The warning follows Moody’s decision to cut defence contractor BAe Systems’ credit rating because of its £2.2bn scheme deficit. Standard & Poor’s has also cut BAe Systems’ rating to triple-B – just one place above junk level.
Industry sources fear banks are now set to follow suit and that many are reviewing their lending arrangements with companies.
PwC and Deloitte & Touche have held discussions with banks about their clients’ schemes, and fear they will raise the interest rates they charge firms or even cut credit lines.
PwC partner Andrew Evans said: “The most significant factor here is that banks may seek to raise the interest rates they charge the organisation. The extreme is if the company is already at the limit of its banking arrangements and facing significant additional funding to its scheme.

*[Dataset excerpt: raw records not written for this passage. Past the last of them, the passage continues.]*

(* Let $\mathcal F$ be a foam and $e$ a cyclic edge of $\mathcal F$ with both endpoints at the vertex $v$. Let $\mathcal N$ be a small regular neighbourhood of $v$ and let $\delta_+$ be an edge of the graph $\partial(\mathcal F\cap\mathcal N)$ such that exactly one endpoint of $\delta_+$ lies on $e$. Then the V-move at $v$ given by the 0-2 move along $\delta_+$ yields a foam $\mathcal F'$ with fewer cyclic edges than $\mathcal F$.
   Context: A foam in a compact connected three-manifold with boundary $M$ is the two-complex dual to an ideal triangulation of $M$. An edge loop is an edge with both ends at one vertex; a cyclic edge is an edge loop or a lift of one to a cover (here, in $\mathcal F$ itself, an edge loop). For a vertex $v$ with small regular neighbourhood $\mathcal N$, $\partial(\mathcal F\cap\mathcal N)$ is a complete graph on four vertices in the sphere $\partial\mathcal N$ whose edges are arcs in faces of $\mathcal F$. A 0-2 move along an arc $\delta$ properly embedded in a face and avoiding vertices pushes a thin neighbourhood of $\delta$ across the edges at its endpoints, creating two new vertices and a bigon face; the V-move at $v$ is the 0-2 move along one of these boundary arcs. *)

(* combinatorial encoding of foams via their dual ideal
   triangulations (face-pairings of tetrahedra). *)
From HB Require Import structures.
From mathcomp Require Import all_boot all_fingroup.
Set Implicit Arguments.
Unset Strict Implicit.
Unset Printing Implicit Defensive.

(* An ideal triangulation with n tetrahedra (= foam with n vertices).
   A face of the triangulation is (t, f): the face of tetrahedron t opposite
   its vertex f.  [gl x] is the face glued to x, and [gm x] is the gluing map
   sending vertex labels of x.1 to vertex labels of (gl x).1.
   Foam vertices = tetrahedra, foam edges = unordered pairs {x, gl x}. *)
Record gluing (n : nat) := Gluing {
  gl : 'I_n * 'I_4 -> 'I_n * 'I_4 ;
  gm : 'I_n * 'I_4 -> {perm 'I_4} }.

Section Foam.
Variables (n : nat) (T : gluing n).

(* oriented edges of tetrahedra: (t, (u, w)) *)
Definition edge_step : rel ('I_n * ('I_4 * 'I_4)) :=
  fun e e' => [exists i : 'I_4,
    [&& i != e.2.1, i != e.2.2 &
     e' == ((gl T (e.1, i)).1, (gm T (e.1, i) e.2.1, gm T (e.1, i) e.2.2))]].

Definition tet_adj : rel 'I_n :=
  fun s t => [exists i : 'I_4, (gl T (s, i)).1 == t].

(* [T] is the foam dual to an ideal triangulation of a compact connected
   3-manifold with boundary: every face is paired with a different face by
   a label bijection (an involutive pairing), no edge is identified with
   itself in reverse (so the truncated complex is a 3-manifold), and the
   complex is nonempty and connected. *)
Definition is_foam : Prop :=
  [/\ 0 < n,
      (forall x, gl T (gl T x) = x),
      (forall x, gl T x != x),
      (forall x, gm T x x.2 = snd (gl T x)) &
      (forall x, gm T (gl T x) = ((gm T x)^-1)%g)] /\
  (forall t u w, u != w -> ~~ connect edge_step (t, (u, w)) (t, (w, u))) /\
  (forall s t, connect tet_adj s t).

Definition cyclic_edges : {set {set 'I_n * 'I_4}} :=
  [set [set x; gl T x] | x in [set x : 'I_n * 'I_4 | (gl T x).1 == x.1]].

End Foam.

(* The 0-2 move along the arc delta of the boundary graph
   d(F cap N(v)) = K4 joining the edge-ends (faces) i and j of vertex v.
   Dually: cut the triangulation along faces (v,i) and (v,j) (which share the
   edge of tetrahedron v complementary to {i,j}) and insert a pillow of two
   new tetrahedra P, Q (labelled like v) glued to each other by the identity
   along their faces other than i, j; P is glued to v, Q to the old partners. *)
Section VMove.
Variables (n : nat) (T : gluing n) (v : 'I_n) (i j : 'I_4).

Definition old_tet (t : 'I_n) : 'I_n.+2 := widen_ord (leqW (leqnSn n)) t.
Definition tetP : 'I_n.+2 := inord n.
Definition tetQ : 'I_n.+2 := inord n.+1.
Definition old_face (x : 'I_n * 'I_4) : 'I_n.+2 * 'I_4 := (old_tet x.1, x.2).

Definition vmove_gl (x : 'I_n.+2 * 'I_4) : 'I_n.+2 * 'I_4 :=
  let: (t, f) := x in
  match insub (val t) : option 'I_n with
  | Some t' =>
      if (t', f) == (v, i) then (tetP, i) else
      if (t', f) == (v, j) then (tetP, j) else
      let y := gl T (t', f) in
      if y == (v, i) then (tetQ, i) else
      if y == (v, j) then (tetQ, j) else old_face y
  | None =>
      if val t == n then
        (if (f == i) || (f == j) then old_face (v, f) else (tetQ, f))
      else
        (if f == i then old_face (gl T (v, i)) else
         if f == j then old_face (gl T (v, j)) else (tetP, f))
  end.

Definition vmove_gm (x : 'I_n.+2 * 'I_4) : {perm 'I_4} :=
  let: (t, f) := x in
  match insub (val t) : option 'I_n with
  | Some t' =>
      if ((t', f) == (v, i)) || ((t', f) == (v, j)) then 1%g
      else gm T (t', f)
  | None =>
      if val t == n then 1%g
      else (if f == i then gm T (v, i) else
            if f == j then gm T (v, j) else 1%g)
  end.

“We know that banks do not look favourably at the amount of cash needed for meeting pension promises.
“We are aware of a number of situations where this has arisen, and has led to banks asking more questions on pensions than would normally be the case.”
Deloitte & Touche head of investment services Tony Osborn-Barker agreed and warned if banks do cut companies’ credit lines because of their deficits, it would prompt more firms to follow Maersk’s lead and wind up their scheme.